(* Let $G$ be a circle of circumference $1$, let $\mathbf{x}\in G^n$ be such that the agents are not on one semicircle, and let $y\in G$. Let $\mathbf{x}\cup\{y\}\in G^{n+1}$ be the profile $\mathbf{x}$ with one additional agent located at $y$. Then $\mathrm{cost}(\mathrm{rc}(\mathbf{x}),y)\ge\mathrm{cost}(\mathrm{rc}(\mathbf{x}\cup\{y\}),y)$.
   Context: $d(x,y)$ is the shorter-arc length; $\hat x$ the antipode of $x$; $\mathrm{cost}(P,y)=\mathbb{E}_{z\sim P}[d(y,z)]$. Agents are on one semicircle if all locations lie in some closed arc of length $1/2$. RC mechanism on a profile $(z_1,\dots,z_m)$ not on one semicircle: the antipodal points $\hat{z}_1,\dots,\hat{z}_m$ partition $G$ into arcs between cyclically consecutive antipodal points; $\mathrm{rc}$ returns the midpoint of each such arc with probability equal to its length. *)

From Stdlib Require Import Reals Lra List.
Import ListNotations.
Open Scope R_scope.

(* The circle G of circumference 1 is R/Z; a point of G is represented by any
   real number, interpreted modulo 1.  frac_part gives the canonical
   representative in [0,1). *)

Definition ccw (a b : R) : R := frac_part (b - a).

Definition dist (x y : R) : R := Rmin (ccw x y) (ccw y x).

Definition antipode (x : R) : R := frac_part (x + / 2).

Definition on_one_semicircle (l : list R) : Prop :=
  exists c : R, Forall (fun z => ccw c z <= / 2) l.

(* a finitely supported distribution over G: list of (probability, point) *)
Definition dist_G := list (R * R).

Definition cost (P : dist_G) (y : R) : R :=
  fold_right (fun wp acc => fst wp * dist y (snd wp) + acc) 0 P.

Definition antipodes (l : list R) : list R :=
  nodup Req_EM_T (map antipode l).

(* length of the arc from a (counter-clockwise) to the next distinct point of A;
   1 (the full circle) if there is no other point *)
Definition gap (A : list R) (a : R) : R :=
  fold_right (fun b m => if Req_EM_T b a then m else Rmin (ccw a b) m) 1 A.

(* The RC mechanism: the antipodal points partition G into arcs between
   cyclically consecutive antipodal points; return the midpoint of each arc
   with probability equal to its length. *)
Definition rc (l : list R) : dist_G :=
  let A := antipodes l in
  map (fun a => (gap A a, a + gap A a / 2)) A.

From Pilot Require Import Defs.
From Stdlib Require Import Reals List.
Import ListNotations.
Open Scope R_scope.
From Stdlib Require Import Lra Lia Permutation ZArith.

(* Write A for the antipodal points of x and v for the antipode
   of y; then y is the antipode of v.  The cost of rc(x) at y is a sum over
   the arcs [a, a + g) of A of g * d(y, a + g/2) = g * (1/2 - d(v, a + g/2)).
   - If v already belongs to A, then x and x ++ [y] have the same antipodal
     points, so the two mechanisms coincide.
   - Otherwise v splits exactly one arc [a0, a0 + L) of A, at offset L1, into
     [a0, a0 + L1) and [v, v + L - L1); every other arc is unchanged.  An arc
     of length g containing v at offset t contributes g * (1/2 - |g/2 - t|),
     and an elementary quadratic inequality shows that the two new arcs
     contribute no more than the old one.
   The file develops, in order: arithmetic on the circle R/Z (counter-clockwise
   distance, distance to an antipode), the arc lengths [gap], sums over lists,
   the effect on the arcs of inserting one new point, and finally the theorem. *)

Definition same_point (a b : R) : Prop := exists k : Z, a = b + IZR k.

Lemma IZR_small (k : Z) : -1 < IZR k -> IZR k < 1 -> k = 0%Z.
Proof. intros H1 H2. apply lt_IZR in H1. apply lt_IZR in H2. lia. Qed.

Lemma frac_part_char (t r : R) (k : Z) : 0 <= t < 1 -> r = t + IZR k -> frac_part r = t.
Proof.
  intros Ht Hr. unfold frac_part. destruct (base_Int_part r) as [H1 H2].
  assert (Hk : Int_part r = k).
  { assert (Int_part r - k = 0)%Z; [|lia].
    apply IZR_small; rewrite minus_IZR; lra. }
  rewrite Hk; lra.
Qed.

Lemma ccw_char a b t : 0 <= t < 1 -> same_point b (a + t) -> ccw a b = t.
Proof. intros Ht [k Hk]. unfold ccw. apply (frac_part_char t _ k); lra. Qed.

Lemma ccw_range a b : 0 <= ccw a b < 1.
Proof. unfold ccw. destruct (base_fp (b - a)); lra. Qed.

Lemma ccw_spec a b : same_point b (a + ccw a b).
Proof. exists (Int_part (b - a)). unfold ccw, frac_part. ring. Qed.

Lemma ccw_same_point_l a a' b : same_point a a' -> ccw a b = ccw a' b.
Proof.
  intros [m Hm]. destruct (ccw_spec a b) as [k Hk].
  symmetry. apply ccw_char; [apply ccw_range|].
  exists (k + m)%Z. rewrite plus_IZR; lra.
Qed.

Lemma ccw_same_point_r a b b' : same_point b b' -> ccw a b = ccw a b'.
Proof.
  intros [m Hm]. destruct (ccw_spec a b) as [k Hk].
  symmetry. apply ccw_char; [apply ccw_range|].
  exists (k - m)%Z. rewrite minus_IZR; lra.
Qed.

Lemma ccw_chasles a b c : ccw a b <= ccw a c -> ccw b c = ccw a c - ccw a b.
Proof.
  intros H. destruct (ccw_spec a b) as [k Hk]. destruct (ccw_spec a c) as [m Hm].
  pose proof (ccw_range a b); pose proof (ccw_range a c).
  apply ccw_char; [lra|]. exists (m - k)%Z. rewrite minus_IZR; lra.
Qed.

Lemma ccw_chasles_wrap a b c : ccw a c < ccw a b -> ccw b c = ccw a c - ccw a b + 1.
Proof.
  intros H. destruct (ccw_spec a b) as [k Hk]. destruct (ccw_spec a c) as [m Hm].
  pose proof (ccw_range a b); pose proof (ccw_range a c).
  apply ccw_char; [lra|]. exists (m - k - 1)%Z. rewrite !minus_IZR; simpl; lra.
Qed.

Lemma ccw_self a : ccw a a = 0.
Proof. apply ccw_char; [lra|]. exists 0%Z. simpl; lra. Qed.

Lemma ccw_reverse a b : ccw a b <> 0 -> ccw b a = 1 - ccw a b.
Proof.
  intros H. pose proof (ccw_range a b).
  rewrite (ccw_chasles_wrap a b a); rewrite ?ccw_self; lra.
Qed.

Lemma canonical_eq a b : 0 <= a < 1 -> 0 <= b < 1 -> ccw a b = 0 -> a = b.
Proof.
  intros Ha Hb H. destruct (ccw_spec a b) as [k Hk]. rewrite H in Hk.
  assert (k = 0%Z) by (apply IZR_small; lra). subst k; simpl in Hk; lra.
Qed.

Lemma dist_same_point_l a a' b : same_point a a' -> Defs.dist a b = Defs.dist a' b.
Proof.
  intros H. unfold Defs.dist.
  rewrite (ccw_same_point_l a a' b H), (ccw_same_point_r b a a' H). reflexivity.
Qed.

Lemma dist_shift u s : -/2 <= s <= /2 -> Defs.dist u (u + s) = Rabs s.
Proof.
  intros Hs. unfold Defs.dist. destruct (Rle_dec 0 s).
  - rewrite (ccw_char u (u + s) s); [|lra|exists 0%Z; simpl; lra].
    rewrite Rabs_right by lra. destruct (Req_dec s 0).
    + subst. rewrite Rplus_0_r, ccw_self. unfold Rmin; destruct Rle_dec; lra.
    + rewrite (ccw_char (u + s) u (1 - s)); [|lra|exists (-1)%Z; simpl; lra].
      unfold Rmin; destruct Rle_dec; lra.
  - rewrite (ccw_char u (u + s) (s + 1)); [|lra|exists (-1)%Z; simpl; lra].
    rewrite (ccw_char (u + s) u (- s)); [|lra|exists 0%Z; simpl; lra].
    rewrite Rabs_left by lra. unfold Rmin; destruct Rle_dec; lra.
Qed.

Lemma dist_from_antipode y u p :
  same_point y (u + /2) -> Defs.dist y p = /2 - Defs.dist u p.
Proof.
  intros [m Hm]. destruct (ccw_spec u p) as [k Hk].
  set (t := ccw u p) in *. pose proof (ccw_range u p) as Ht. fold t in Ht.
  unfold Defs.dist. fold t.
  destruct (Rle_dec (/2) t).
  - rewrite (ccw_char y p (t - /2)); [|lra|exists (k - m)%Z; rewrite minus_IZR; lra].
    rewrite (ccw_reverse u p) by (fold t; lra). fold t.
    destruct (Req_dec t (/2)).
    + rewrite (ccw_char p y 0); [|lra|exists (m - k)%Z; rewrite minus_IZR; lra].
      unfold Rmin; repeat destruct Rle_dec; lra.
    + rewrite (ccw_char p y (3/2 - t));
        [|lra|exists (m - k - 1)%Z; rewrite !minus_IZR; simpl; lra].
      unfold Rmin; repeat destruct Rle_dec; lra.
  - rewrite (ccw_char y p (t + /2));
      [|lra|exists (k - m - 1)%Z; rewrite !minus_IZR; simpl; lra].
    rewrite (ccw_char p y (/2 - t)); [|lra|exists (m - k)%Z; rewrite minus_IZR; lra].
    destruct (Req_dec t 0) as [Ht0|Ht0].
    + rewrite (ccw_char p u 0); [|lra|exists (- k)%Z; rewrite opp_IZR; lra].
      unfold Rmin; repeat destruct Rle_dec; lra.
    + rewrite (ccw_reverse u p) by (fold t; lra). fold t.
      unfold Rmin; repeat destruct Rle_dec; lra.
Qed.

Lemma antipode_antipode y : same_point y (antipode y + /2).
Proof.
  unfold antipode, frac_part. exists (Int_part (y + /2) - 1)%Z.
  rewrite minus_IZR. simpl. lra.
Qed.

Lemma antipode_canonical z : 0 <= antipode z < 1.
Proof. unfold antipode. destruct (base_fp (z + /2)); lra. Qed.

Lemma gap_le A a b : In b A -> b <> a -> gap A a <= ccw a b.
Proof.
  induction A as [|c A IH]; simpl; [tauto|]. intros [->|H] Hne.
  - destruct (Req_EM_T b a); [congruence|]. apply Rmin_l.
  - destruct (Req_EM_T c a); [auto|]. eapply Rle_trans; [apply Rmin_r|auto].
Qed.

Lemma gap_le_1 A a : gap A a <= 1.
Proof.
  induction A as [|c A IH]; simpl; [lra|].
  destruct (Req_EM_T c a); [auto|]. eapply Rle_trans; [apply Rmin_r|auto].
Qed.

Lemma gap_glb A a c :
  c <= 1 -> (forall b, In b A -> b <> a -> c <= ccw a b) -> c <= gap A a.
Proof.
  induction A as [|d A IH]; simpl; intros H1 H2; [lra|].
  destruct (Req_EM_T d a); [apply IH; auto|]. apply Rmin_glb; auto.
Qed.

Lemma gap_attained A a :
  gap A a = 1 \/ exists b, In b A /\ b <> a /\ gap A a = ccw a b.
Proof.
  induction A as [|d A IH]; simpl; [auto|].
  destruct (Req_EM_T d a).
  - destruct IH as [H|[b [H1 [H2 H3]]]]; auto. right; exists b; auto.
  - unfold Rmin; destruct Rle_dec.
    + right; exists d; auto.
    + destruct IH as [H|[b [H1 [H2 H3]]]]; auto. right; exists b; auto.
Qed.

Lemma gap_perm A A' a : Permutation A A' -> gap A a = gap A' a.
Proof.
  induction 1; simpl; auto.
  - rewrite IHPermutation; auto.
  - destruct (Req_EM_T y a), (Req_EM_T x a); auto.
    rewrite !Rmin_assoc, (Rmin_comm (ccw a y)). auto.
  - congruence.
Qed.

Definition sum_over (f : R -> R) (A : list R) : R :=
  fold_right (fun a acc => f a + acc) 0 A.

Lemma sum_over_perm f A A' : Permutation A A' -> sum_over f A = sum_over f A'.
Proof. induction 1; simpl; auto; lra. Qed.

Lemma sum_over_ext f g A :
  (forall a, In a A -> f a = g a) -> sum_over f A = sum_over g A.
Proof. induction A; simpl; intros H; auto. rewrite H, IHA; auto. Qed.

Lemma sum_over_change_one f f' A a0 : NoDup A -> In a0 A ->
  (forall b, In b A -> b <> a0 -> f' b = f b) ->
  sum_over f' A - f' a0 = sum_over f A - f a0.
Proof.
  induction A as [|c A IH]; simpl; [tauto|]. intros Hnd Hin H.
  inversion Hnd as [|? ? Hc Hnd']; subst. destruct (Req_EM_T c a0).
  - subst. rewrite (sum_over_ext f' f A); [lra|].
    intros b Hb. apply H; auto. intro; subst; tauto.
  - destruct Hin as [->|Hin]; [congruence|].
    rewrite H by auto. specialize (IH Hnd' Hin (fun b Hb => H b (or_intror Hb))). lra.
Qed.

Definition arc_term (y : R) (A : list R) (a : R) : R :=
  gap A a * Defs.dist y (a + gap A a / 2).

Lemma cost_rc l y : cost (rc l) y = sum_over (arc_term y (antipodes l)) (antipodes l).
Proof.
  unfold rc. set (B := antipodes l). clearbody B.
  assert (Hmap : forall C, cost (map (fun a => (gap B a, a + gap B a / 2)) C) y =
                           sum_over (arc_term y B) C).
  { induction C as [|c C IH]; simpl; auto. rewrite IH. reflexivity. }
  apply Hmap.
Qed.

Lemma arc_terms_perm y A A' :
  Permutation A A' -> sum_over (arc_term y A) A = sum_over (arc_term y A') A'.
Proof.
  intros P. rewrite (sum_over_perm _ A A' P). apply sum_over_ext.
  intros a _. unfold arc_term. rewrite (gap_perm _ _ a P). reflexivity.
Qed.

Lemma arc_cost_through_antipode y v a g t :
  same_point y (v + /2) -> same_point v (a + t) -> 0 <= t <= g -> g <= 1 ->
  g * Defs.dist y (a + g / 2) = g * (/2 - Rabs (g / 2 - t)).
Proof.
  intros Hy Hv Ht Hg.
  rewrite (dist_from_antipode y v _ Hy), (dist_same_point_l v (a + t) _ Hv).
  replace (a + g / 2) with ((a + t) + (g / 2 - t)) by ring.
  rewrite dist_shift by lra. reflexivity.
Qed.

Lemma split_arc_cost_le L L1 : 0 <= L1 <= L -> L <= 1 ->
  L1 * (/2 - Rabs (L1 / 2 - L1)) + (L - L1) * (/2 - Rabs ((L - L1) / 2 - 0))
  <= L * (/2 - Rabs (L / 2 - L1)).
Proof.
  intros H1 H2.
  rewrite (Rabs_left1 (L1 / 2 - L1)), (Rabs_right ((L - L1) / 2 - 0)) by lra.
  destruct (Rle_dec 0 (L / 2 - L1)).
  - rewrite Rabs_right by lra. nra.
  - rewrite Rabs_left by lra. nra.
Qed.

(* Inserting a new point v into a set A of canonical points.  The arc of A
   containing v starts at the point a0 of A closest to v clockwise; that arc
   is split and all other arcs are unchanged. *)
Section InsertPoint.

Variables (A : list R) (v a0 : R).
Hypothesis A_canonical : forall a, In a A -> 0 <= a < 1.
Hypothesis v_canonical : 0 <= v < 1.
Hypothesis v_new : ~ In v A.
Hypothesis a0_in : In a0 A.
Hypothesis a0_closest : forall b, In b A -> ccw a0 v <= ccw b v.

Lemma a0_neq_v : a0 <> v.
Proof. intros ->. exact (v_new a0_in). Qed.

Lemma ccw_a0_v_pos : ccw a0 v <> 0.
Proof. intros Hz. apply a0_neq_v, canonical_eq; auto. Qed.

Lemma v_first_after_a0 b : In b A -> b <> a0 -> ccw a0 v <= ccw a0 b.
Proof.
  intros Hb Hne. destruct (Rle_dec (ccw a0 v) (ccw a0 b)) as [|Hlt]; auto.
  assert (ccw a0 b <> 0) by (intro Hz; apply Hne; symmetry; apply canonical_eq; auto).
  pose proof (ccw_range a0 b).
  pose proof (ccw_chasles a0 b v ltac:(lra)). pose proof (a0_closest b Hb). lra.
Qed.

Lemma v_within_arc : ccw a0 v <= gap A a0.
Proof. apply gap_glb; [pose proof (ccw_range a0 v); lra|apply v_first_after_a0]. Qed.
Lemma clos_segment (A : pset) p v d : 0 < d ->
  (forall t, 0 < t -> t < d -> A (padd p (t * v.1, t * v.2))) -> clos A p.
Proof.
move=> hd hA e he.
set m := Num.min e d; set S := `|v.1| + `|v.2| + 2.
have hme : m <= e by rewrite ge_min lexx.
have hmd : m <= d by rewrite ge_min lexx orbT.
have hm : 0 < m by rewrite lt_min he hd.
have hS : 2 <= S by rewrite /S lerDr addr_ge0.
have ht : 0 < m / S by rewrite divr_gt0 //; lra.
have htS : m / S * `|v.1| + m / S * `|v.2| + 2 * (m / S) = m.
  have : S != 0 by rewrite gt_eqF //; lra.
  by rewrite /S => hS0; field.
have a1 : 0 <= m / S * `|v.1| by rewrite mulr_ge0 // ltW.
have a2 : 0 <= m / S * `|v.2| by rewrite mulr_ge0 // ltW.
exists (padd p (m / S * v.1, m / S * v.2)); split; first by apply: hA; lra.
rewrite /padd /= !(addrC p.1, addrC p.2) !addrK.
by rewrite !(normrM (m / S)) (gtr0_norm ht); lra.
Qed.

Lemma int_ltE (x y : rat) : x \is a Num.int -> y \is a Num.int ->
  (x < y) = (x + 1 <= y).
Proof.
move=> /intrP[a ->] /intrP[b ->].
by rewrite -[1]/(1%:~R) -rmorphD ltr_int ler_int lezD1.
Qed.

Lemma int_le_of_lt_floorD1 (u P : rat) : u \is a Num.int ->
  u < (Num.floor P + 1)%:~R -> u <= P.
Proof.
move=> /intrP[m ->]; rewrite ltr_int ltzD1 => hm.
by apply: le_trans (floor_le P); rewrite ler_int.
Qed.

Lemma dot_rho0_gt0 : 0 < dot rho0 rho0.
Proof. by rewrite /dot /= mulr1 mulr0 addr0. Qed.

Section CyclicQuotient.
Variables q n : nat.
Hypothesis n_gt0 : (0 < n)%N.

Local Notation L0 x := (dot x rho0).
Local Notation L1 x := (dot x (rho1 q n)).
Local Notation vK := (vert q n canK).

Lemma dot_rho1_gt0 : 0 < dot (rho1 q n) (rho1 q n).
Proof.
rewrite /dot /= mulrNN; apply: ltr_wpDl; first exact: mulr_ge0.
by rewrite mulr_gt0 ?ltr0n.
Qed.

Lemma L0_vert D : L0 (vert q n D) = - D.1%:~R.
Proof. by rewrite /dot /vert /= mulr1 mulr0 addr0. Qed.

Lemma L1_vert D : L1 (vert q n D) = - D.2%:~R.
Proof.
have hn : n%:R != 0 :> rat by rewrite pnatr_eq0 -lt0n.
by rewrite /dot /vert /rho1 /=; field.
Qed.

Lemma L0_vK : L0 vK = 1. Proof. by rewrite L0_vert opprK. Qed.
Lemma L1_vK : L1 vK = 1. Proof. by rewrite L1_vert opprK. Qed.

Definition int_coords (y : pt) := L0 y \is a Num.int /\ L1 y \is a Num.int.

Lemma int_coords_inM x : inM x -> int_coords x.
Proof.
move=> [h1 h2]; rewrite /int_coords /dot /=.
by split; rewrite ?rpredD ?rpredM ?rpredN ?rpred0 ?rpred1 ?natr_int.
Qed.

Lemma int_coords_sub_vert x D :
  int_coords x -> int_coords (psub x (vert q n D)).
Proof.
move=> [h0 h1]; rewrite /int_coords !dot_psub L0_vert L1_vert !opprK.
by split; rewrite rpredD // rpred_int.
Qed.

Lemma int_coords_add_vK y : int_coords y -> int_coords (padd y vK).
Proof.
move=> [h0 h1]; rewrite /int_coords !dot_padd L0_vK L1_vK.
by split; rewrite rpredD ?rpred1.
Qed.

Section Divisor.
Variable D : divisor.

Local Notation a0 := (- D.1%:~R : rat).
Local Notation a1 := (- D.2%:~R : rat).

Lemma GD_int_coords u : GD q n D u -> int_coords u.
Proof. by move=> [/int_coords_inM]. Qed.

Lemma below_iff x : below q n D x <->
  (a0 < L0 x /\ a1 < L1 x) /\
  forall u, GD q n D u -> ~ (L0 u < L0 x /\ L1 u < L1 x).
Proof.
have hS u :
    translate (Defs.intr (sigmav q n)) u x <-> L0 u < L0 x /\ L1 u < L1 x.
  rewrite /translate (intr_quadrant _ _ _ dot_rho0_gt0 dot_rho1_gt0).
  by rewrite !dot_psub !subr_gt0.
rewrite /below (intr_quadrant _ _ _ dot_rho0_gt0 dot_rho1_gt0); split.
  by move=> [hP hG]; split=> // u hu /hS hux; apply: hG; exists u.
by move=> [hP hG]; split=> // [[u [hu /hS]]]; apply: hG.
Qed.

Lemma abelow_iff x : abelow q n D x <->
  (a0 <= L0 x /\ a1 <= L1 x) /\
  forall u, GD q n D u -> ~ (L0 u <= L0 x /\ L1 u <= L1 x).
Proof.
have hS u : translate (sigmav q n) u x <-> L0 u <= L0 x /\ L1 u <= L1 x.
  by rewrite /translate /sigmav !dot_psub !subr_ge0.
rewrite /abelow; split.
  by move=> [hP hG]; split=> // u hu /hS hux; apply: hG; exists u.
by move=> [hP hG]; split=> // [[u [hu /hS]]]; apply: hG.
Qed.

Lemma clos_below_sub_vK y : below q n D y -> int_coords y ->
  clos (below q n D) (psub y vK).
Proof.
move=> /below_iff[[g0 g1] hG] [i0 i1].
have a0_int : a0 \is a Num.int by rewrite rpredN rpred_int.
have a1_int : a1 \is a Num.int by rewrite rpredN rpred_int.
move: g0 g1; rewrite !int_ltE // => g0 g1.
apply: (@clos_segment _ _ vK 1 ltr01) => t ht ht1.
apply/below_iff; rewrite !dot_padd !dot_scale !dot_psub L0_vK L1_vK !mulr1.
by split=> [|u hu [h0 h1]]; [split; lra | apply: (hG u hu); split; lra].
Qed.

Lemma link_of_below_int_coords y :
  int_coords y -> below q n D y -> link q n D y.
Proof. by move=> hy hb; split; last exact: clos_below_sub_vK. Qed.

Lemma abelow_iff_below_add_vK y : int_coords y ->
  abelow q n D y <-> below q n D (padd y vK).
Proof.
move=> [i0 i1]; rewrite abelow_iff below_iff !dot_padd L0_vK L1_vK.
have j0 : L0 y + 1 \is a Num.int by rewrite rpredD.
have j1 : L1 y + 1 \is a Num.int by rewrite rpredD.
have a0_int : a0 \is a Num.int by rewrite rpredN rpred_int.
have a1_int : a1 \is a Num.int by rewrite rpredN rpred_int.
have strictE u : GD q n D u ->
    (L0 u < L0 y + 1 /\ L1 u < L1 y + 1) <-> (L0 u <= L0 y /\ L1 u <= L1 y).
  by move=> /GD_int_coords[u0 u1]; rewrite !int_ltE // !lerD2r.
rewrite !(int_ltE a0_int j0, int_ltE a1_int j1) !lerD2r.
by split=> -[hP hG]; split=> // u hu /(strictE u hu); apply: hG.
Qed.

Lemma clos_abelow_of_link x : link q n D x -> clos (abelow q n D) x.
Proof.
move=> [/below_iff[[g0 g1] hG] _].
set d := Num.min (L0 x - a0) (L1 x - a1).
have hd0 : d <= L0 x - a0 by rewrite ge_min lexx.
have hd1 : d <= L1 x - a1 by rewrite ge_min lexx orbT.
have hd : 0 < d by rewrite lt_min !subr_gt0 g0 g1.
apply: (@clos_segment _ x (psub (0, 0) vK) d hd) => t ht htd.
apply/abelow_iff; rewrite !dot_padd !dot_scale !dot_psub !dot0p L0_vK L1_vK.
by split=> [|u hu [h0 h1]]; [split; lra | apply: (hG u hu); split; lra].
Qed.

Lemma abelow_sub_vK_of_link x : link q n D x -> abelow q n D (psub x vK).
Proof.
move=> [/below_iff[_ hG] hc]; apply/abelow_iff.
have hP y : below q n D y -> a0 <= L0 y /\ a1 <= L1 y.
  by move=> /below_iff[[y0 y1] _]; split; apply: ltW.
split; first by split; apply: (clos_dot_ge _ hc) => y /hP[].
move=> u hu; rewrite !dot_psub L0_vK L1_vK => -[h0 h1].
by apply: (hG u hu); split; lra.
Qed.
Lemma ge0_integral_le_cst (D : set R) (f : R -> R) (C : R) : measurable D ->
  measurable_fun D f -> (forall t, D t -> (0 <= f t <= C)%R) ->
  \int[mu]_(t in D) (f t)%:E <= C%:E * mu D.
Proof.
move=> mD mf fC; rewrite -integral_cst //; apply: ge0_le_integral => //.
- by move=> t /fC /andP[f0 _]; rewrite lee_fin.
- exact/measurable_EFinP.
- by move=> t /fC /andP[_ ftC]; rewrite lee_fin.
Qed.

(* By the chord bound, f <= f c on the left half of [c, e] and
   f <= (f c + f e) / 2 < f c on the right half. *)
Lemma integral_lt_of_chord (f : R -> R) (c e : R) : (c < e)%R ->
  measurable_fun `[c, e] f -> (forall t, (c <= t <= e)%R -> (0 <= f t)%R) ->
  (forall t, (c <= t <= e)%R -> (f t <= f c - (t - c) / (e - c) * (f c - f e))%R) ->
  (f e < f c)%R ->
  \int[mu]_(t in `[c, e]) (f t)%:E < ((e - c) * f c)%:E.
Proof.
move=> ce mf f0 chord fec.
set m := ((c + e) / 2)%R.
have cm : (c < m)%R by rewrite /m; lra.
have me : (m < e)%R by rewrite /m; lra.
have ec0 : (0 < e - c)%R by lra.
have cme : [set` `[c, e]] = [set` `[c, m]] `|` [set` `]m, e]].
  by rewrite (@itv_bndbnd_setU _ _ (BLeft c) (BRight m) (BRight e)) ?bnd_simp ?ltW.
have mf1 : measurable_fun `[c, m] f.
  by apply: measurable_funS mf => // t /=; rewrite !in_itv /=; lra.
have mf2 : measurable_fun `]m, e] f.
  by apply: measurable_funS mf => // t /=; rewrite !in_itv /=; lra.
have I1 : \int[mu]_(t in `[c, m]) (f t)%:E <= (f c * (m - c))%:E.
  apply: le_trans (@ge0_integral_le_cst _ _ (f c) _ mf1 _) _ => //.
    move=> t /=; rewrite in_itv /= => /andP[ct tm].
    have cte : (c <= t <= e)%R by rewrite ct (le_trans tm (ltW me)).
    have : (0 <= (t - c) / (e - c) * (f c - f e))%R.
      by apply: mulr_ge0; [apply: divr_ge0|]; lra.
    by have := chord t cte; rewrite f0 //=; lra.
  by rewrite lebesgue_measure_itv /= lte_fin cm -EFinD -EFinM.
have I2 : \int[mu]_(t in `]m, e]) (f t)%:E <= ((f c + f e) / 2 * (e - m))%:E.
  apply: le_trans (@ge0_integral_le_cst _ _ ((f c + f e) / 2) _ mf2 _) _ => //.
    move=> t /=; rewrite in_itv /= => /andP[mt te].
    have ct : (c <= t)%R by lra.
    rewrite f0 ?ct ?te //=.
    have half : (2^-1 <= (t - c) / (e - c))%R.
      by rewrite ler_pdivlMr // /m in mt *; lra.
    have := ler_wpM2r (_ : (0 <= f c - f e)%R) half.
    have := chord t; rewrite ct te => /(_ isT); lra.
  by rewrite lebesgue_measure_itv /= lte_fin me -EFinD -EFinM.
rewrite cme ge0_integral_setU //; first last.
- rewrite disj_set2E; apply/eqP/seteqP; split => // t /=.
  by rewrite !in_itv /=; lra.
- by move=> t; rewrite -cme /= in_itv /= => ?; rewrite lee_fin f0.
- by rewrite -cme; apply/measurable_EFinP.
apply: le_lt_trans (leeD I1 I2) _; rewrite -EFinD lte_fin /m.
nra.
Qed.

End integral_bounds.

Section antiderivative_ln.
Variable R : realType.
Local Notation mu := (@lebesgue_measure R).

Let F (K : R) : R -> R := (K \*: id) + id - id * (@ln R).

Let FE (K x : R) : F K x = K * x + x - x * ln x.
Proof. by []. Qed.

::::::::

● **EXERCISE GOAL**: Please give back exactly the lines of this listing beginning at the line with "apply ccw_char; [lra|]. exists (m - k - 1)%Z." and ending with the line with "rewrite Rabs_right by lra. destruct", both included, and nothing else.

● **COMPLETED EXERCISE**:
  apply ccw_char; [lra|]. exists (m - k - 1)%Z. rewrite !minus_IZR; simpl; lra.
Qed.

Lemma ccw_self a : ccw a a = 0.
Proof. apply ccw_char; [lra|]. exists 0%Z. simpl; lra. Qed.

Lemma ccw_reverse a b : ccw a b <> 0 -> ccw b a = 1 - ccw a b.
Proof.
  intros H. pose proof (ccw_range a b).
  rewrite (ccw_chasles_wrap a b a); rewrite ?ccw_self; lra.
Qed.

Lemma canonical_eq a b : 0 <= a < 1 -> 0 <= b < 1 -> ccw a b = 0 -> a = b.
Proof.
  intros Ha Hb H. destruct (ccw_spec a b) as [k Hk]. rewrite H in Hk.
  assert (k = 0%Z) by (apply IZR_small; lra). subst k; simpl in Hk; lra.
Qed.

Lemma dist_same_point_l a a' b : same_point a a' -> Defs.dist a b = Defs.dist a' b.
Proof.
  intros H. unfold Defs.dist.
  rewrite (ccw_same_point_l a a' b H), (ccw_same_point_r b a a' H). reflexivity.
Qed.

Lemma dist_shift u s : -/2 <= s <= /2 -> Defs.dist u (u + s) = Rabs s.
Proof.
  intros Hs. unfold Defs.dist. destruct (Rle_dec 0 s).
  - rewrite (ccw_char u (u + s) s); [|lra|exists 0%Z; simpl; lra].
    rewrite Rabs_right by lra. destruct (Req_dec s 0).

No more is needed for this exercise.